If not for Wolf’s own problems -- he posted X-ray images of gunshot victims (some of them deceased) online with inappropriate comments attached -- Roberts’ could have had a more difficult go of it.

In February, the New York Times reported that Roberts doesn’t actually own a home in Kansas, but rents space from supporters when he is back in the state. Wolf centered his attacks on this residency issue, which dogged now-ex Sen. Richard Lugar two years ago in Indiana. Roberts also inadvertently made things worse for himself. In a radio interview earlier this summer, he said, “Every time I get an opponent -- I mean, every time I get a chance -- I’m home.”

The Kansas race also underscored how Washington experience and influence can be more of a liability than an asset in some states. Roberts apparently realized this and adjusted his votes to sync up with what he and other lawmakers perceive to be their constituents’ changing views toward government. In this session, for example, he voted against the bipartisan Farm Bill and also called for the resignation of Health and Human Services Secretary Kathleen Sebelius, a friend of his and also a former governor of Kansas.

Kansas is a red state, and Roberts is virtually assured to keep his seat in the general election.
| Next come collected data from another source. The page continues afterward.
(* The set of coordinates where a vector of D^n is nonzero; it is monotone for
   the order of D^n, since that order only allows raising 0 to a nonzero value. *)
Definition nzset (n : nat) (a : {ffun 'I_n -> D3}) : {set 'I_n} :=
  [set i | a i != DZero].

Lemma nzset_mono n (a b : {ffun 'I_n -> D3}) : leDn a b -> nzset a \subset nzset b.
Proof.
move/forallP=> ab; apply/subsetP => i; rewrite !inE => ai.
by case/orP: (ab i) => /eqP e; [rewrite -e | rewrite e eqxx in ai].
Qed.

Section SignPattern.
Variables (n : nat) (sgn : 'I_n -> D3).
Hypothesis sgn_nz : forall i, sgn i != DZero.

Local Notation vec := {ffun 'I_n -> D3}.

Definition consistent (a : vec) : bool := [forall i, (a i == DZero) || (a i == sgn i)].

Definition vec_of (S : {set 'I_n}) : vec := [ffun i => if i \in S then sgn i else DZero].

Lemma consistent_vec_of S : consistent (vec_of S).
Proof. by apply/forallP => i; rewrite ffunE; case: ifP; rewrite eqxx ?orbT. Qed.

Lemma nzset_vec_of S : nzset (vec_of S) = S.
Proof. by apply/setP => i; rewrite inE ffunE; case: ifP; rewrite ?sgn_nz ?eqxx. Qed.

Lemma vec_of_nzset a : consistent a -> vec_of (nzset a) = a.
Proof.
move=> /forallP ca; apply/ffunP => i; rewrite ffunE inE.
by case/orP: (ca i) => /eqP ->; rewrite ?eqxx //= sgn_nz.
Qed.

Lemma sum_consistent (R : nmodType) (G : vec -> R) :
  \sum_(a : vec) (if consistent a then G a else 0) = \sum_(S : {set 'I_n}) G (vec_of S).
Proof.
rewrite -big_mkcond (reindex_onto vec_of (@nzset n)) /=; last exact: vec_of_nzset.
by apply: eq_bigl => S; rewrite consistent_vec_of nzset_vec_of eqxx.
Qed.

Lemma consistent_le (a b : vec) : consistent a -> consistent b ->
  nzset a \subset nzset b -> leDn a b.
Proof.
move=> ca cb /subsetP ab; rewrite -(vec_of_nzset ca) -(vec_of_nzset cb).
apply/forallP => i; rewrite /leD !ffunE.
by case: ifPn => [/ab -> | _]; rewrite eqxx ?orbT.
Qed.

End SignPattern.

Section ChainDistribution.
Variables (R : realFieldType) (alpha : R) (n : nat) (x : 'I_n -> R).
Hypothesis alpha_gt0 : 0 < alpha.
Hypothesis x_range : forall i, - alpha <= x i <= 1.

Local Notation vec := {ffun 'I_n -> D3}.

Definition sgn i : D3 := if 0 <= x i then DOne else DNeg.
Definition sgnval i : R := dval alpha (sgn i).
Definition ratio i : R := x i / sgnval i.

Lemma sgn_nz i : sgn i != DZero.
Proof. by rewrite /sgn; case: ifP. Qed.

Lemma sgnval_neq0 i : sgnval i != 0.
Proof. by rewrite /sgnval /sgn; case: ifP => _ /=; rewrite ?oner_neq0 ?oppr_eq0 ?gt_eqF. Qed.

Lemma ratioK i : ratio i * sgnval i = x i.
Proof. by rewrite /ratio mulfVK // sgnval_neq0. Qed.

Lemma ratio01 i : 0 <= ratio i <= 1.
Proof.
have := x_range i; rewrite /ratio /sgnval /sgn; case: ifP => x_ge0 /= /andP[x_lo x_hi].
  by rewrite divr1 x_ge0 x_hi.
have x_lt0 : x i < 0 by rewrite ltNge x_ge0.
rewrite invrN mulrN -mulNr divr_ge0 ?oppr_ge0 ?(ltW x_lt0) ?(ltW alpha_gt0) //=.
by rewrite ler_pdivrMr // mul1r lerNl.
Qed.

Definition lam : {ffun vec -> R} :=
  [ffun a => if consistent sgn a then weight ratio setT 0 1 (nzset a) else 0].

Lemma lam_ge0 a : 0 <= lam a.
Proof. by rewrite ffunE; case: ifP => _ //; rewrite le_max lexx. Qed.

Lemma lam_sum : \sum_a lam a = 1.
Proof.
under eq_bigr do rewrite ffunE.
rewrite (sum_consistent sgn_nz).
under eq_bigr do rewrite (nzset_vec_of sgn_nz).
rewrite (eq_bigl (fun S : {set 'I_n} => S \subset setT)) => [|S]; last by rewrite subsetT.
by rewrite sum_weight subr0 max_r // ler01.
Qed.

Lemma lam_le1 a : lam a <= 1.
Proof. by rewrite -lam_sum (bigD1 a) //= lerDl sumr_ge0 // => b _; apply: lam_ge0. Qed.

Lemma lam_mean i : \sum_a lam a * dval alpha (a i) = x i.
Proof.
have lam_term a : lam a * dval alpha (a i) = if consistent sgn a
    then weight ratio setT 0 1 (nzset a) * dval alpha (a i) else 0.
  by rewrite ffunE; case: ifP; rewrite ?mul0r.
under eq_bigr do rewrite lam_term.
pose contains_i (S : {set 'I_n}) := (S \subset setT) && (i \in S).
rewrite (sum_consistent sgn_nz) (bigID contains_i) /=.
rewrite [X in _ + X]big1 => [|S]; last first.
  by rewrite /contains_i subsetT /= => /negbTE iS; rewrite ffunE iS mulr0.
under eq_bigr => S /andP[_ iS] do rewrite (nzset_vec_of sgn_nz) ffunE iS.
rewrite addr0 -mulr_suml sum_weight_marginal ?inE // subr0.
by have /andP[r_ge0 r_le1] := ratio01 i; rewrite min_r // max_r // ratioK.
Qed.

Lemma lam_in_P : in_P alpha x lam.
Proof. by split; [move=> a; rewrite lam_ge0 lam_le1 | split; [exact: lam_sum | exact: lam_mean]]. Qed.

Lemma lam_chain : support_chain lam.
Proof.
move=> a b; rewrite !ffunE.
case ca: (consistent sgn a); last by rewrite ltxx.
case cb: (consistent sgn b); last by rewrite ltxx.
move=> wa wb; have := weight_pos_nested (subsetT _) (subsetT _) wa wb.
by case/orP=> sub; apply/orP; [left | right]; apply: (consistent_le sgn_nz).
Qed.

Section Uniqueness.
Variable mu : {ffun vec -> R}.
Hypothesis mu_P : in_P alpha x mu.
Hypothesis mu_chain : support_chain mu.

Let mu_ge0 b : 0 <= mu b.
Proof. by case: mu_P => /(_ b) /andP[]. Qed.

(* If b is in the support and b_i <> 0, the whole support has entries 0 or b_i at
   coordinate i, so the mean x_i is a positive multiple of the value of b_i. *)
Lemma mean_sign b i : 0 < mu b -> b i != DZero -> 0 < x i * dval alpha (b i).
Proof.
move=> mu_b bi_nz; set v := dval alpha (b i).
have v2_gt0 : 0 < v * v.
  by rewrite /v; case: (b i) bi_nz => //= _; rewrite ?mulrNN ?mulr1 ?mulr_gt0.
have coord c : 0 < mu c -> (c i == DZero) || (c i == b i).
  move=> mu_c; case/orP: (mu_chain mu_b mu_c) => /forallP /(_ i); rewrite /leD.
    by rewrite (negbTE bi_nz) orbF eq_sym => ->; rewrite orbT.
  by rewrite orbC.
have term_ge0 c : 0 <= mu c * dval alpha (c i) * v.
  have := mu_ge0 c; rewrite le_eqVlt => /orP[/eqP <-|mu_c]; first by rewrite !mul0r.
  case/orP: (coord c mu_c) => /eqP ->; first by rewrite /= mulr0 mul0r.
  by rewrite -mulrA mulr_ge0 // ltW.
case: mu_P => _ [_ /(_ i) <-]; rewrite mulr_suml (bigD1 b) //=.
apply: (@lt_le_trans _ _ (mu b * v * v)); first by rewrite -mulrA mulr_gt0.
by rewrite lerDl sumr_ge0.
Qed.

Lemma supp_consistent b : 0 < mu b -> consistent sgn b.
Proof.
move=> mu_b; apply/forallP => i; apply/negPn/negP; rewrite negb_or => /andP[bi_nz bi_sgn].
suff : x i * dval alpha (b i) <= 0 by rewrite leNgt (mean_sign mu_b bi_nz).
move: bi_sgn; rewrite /sgn; case: ifP => x_ge0; case: (b i) bi_nz => //= _ _.
  by rewrite mulrN oppr_le0 mulr_ge0 // ltW.
by rewrite mulr1 ltW // ltNge x_ge0.
Qed.

Lemma mass_tot : mass mu predT = 1.
Proof. by case: mu_P => _ []. Qed.

Lemma coord_upclosed i : upclosed (@leDn n) (fun b => i \in nzset b).
Proof. by move=> b c bc; apply: (subsetP (nzset_mono bc)). Qed.

Lemma mass_coord i : mass mu (fun b => i \in nzset b) = ratio i.
Proof.
apply: (mulIf (sgnval_neq0 i)); rewrite ratioK.
case: mu_P => _ [_ /(_ i) <-]; rewrite /mass big_mkcond mulr_suml /=.
apply: eq_bigr => b _.
have := mu_ge0 b; rewrite le_eqVlt => /orP[/eqP <-|mu_b]; first by case: ifP; rewrite !mul0r.
move/forallP: (supp_consistent mu_b) => /(_ i); rewrite inE.
by case/orP => /eqP ->; rewrite ?eqxx ?sgn_nz //= mulr0 mul0r.
Qed.

Lemma mass_above (S : {set 'I_n}) :
  mass mu [pred b | all (fun j => j \in nzset b) (enum S)] = \big[Num.min/1]_(i in S) ratio i.
Proof.
rewrite (mass_all mu_ge0 mu_chain coord_upclosed) mass_tot -big_enum.
by apply: eq_bigr => i _; rewrite mass_coord.
Qed.

Lemma mass_meets (T : {set 'I_n}) :
  mass mu [pred b | has (fun j => j \in nzset b) (enum T)] = \big[Num.max/0]_(i in T) ratio i.
Proof.
rewrite (mass_has mu_ge0 mu_chain coord_upclosed) -big_enum.
by apply: eq_bigr => i _; rewrite mass_coord.
Qed.

(* A consistent vector a0 with nonzero set S is charged with the mass of
   "S is contained in the nonzero set" minus that of the strictly larger sets,
   which (when mu a0 > 0) are exactly those meeting the complement of S. *)
Lemma mu_consistent a0 : consistent sgn a0 -> mu a0 = weight ratio setT 0 1 (nzset a0).
Proof.
move=> ca0; set S := nzset a0.
pose above := [pred b | all (fun j => j \in nzset b) (enum S)].
pose escapes := [pred b | has (fun j => j \in nzset b) (enum (~: S))].
have aboveE b : above b = (S \subset nzset b).
  by apply/allP/subsetP => sub j jS; apply: sub; rewrite ?mem_enum in jS *.
have escapesE b : escapes b = ~~ (nzset b \subset S).
  apply/hasP/subsetPn => [[j]|[j jb jS]]; first by rewrite mem_enum inE => jS jb; exists j.
  by exists j => //; rewrite mem_enum inE.
have mass_split : mass mu above = mu a0 + mass mu [pred b | above b && (b != a0)].
  have above_a0 : above a0 by rewrite aboveE.
  by rewrite /mass (bigD1 a0).
have strict_escapes : mass mu [pred b | above b && (b != a0)] <= mass mu escapes.
  apply: (mass_le mu_ge0) => b mu_b /andP[]; rewrite aboveE escapesE => Sb; apply: contraNN => bS.
  have eqS : nzset b = S by apply/eqP; rewrite eqEsubset bS Sb.
  by rewrite -(vec_of_nzset sgn_nz (supp_consistent mu_b)) -(vec_of_nzset sgn_nz ca0) eqS.
rewrite /weight setTD -mass_above -mass_meets -/above -/escapes mass_split.
have := mu_ge0 a0; rewrite le_eqVlt => /orP[/eqP mu_a0|mu_a0].
  by rewrite -mu_a0 add0r max_l // subr_le0.
suff -> : mass mu [pred b | above b && (b != a0)] = mass mu escapes.
  by rewrite addrK max_r // ltW.
apply/eqP; rewrite eq_le strict_escapes; apply: (mass_le mu_ge0) => b mu_b.
rewrite escapesE => bS; apply/andP; rewrite aboveE.
case/orP: (mu_chain mu_a0 mu_b) => [/nzset_mono Sb | /nzset_mono bS']; last by rewrite bS' in bS.
by split=> //; apply: contraNneq bS => ->.
Qed.

Lemma lam_unique : lam = mu.
Proof.
apply/ffunP => a; rewrite ffunE.
case ca: (consistent sgn a); first by rewrite (mu_consistent ca).
have := mu_ge0 a; rewrite le_eqVlt => /orP[/eqP //|mu_a].
by rewrite (supp_consistent mu_a) in ca.
Qed.

End Uniqueness.
End ChainDistribution.

Theorem lemma1 (R : realFieldType) (alpha : R) (halpha0 : 0 < alpha)
    (halpha1 : alpha <= 1) (n : nat) (x : 'I_n -> R)
    (hx : forall i, - alpha <= x i <= 1) :
  exists! lam : {ffun {ffun 'I_n -> D3} -> R},
    in_P alpha x lam /\ support_chain lam.
Proof.
exists (lam alpha x); split; first by split; [exact: lam_in_P | exact: lam_chain].
by move=> mu [mu_P mu_chain]; apply: lam_unique.
Qed.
But the gubernatorial race there will be a top contest to watch in the fall. Republican Gov. Sam Brownback is under fire for enacting sweeping tax cuts that led to a downgrade in the state’s credit rating, as well as other controversial budget cuts, including to education. In retaliation, over 100 Republican state lawmakers backed the governor’s Democratic challenger, Paul Davis. Brownback also irked fellow Republicans by supporting several conservative challengers to state incumbents. The governor’s race is now considered a toss-up in November.

Primaries in Michigan Tuesday night yielded mixed results for incumbents. In a couple of races, the Tea Party vs. establishment dynamics were reversed.

In the 11th District, freshman Rep. Kerry Bentivolio became the third House incumbent to lose his seat in a primary this cycle. The colorful, Tea Party-backed reindeer farmer was a top target of establishment Republicans. Mitt Romney and the U.S. Chamber of Commerce endorsed his opponent, self-funding foreclosure lawyer David Trott.

Meanwhile, Republican Rep. Justin Amash, a Tea Party-backed libertarian who has notoriously butted heads with GOP leadership and has lost committee posts because of it, survived a challenge from an establishment-backed candidate in his state’s 3rd District.

The Michigan Chamber of Commerce backed businessman Brian Ellis, who used his own money to help finance his campaign. He ran against Amash on defense issues, running ads that criticized his opponent for backing closure of the Guantanamo Bay detention facility and quoted a colleague who called Amash a friend to al-Qaeda.

But the strategy was ineffective, as Amash won Tuesday by nearly 15 points.

Amash was the second libertarian-aligned lawmaker to survive an establishment challenge this cycle. North Carolina’s Walter Jones beat back a serious challenge from a former Bush administration official in May.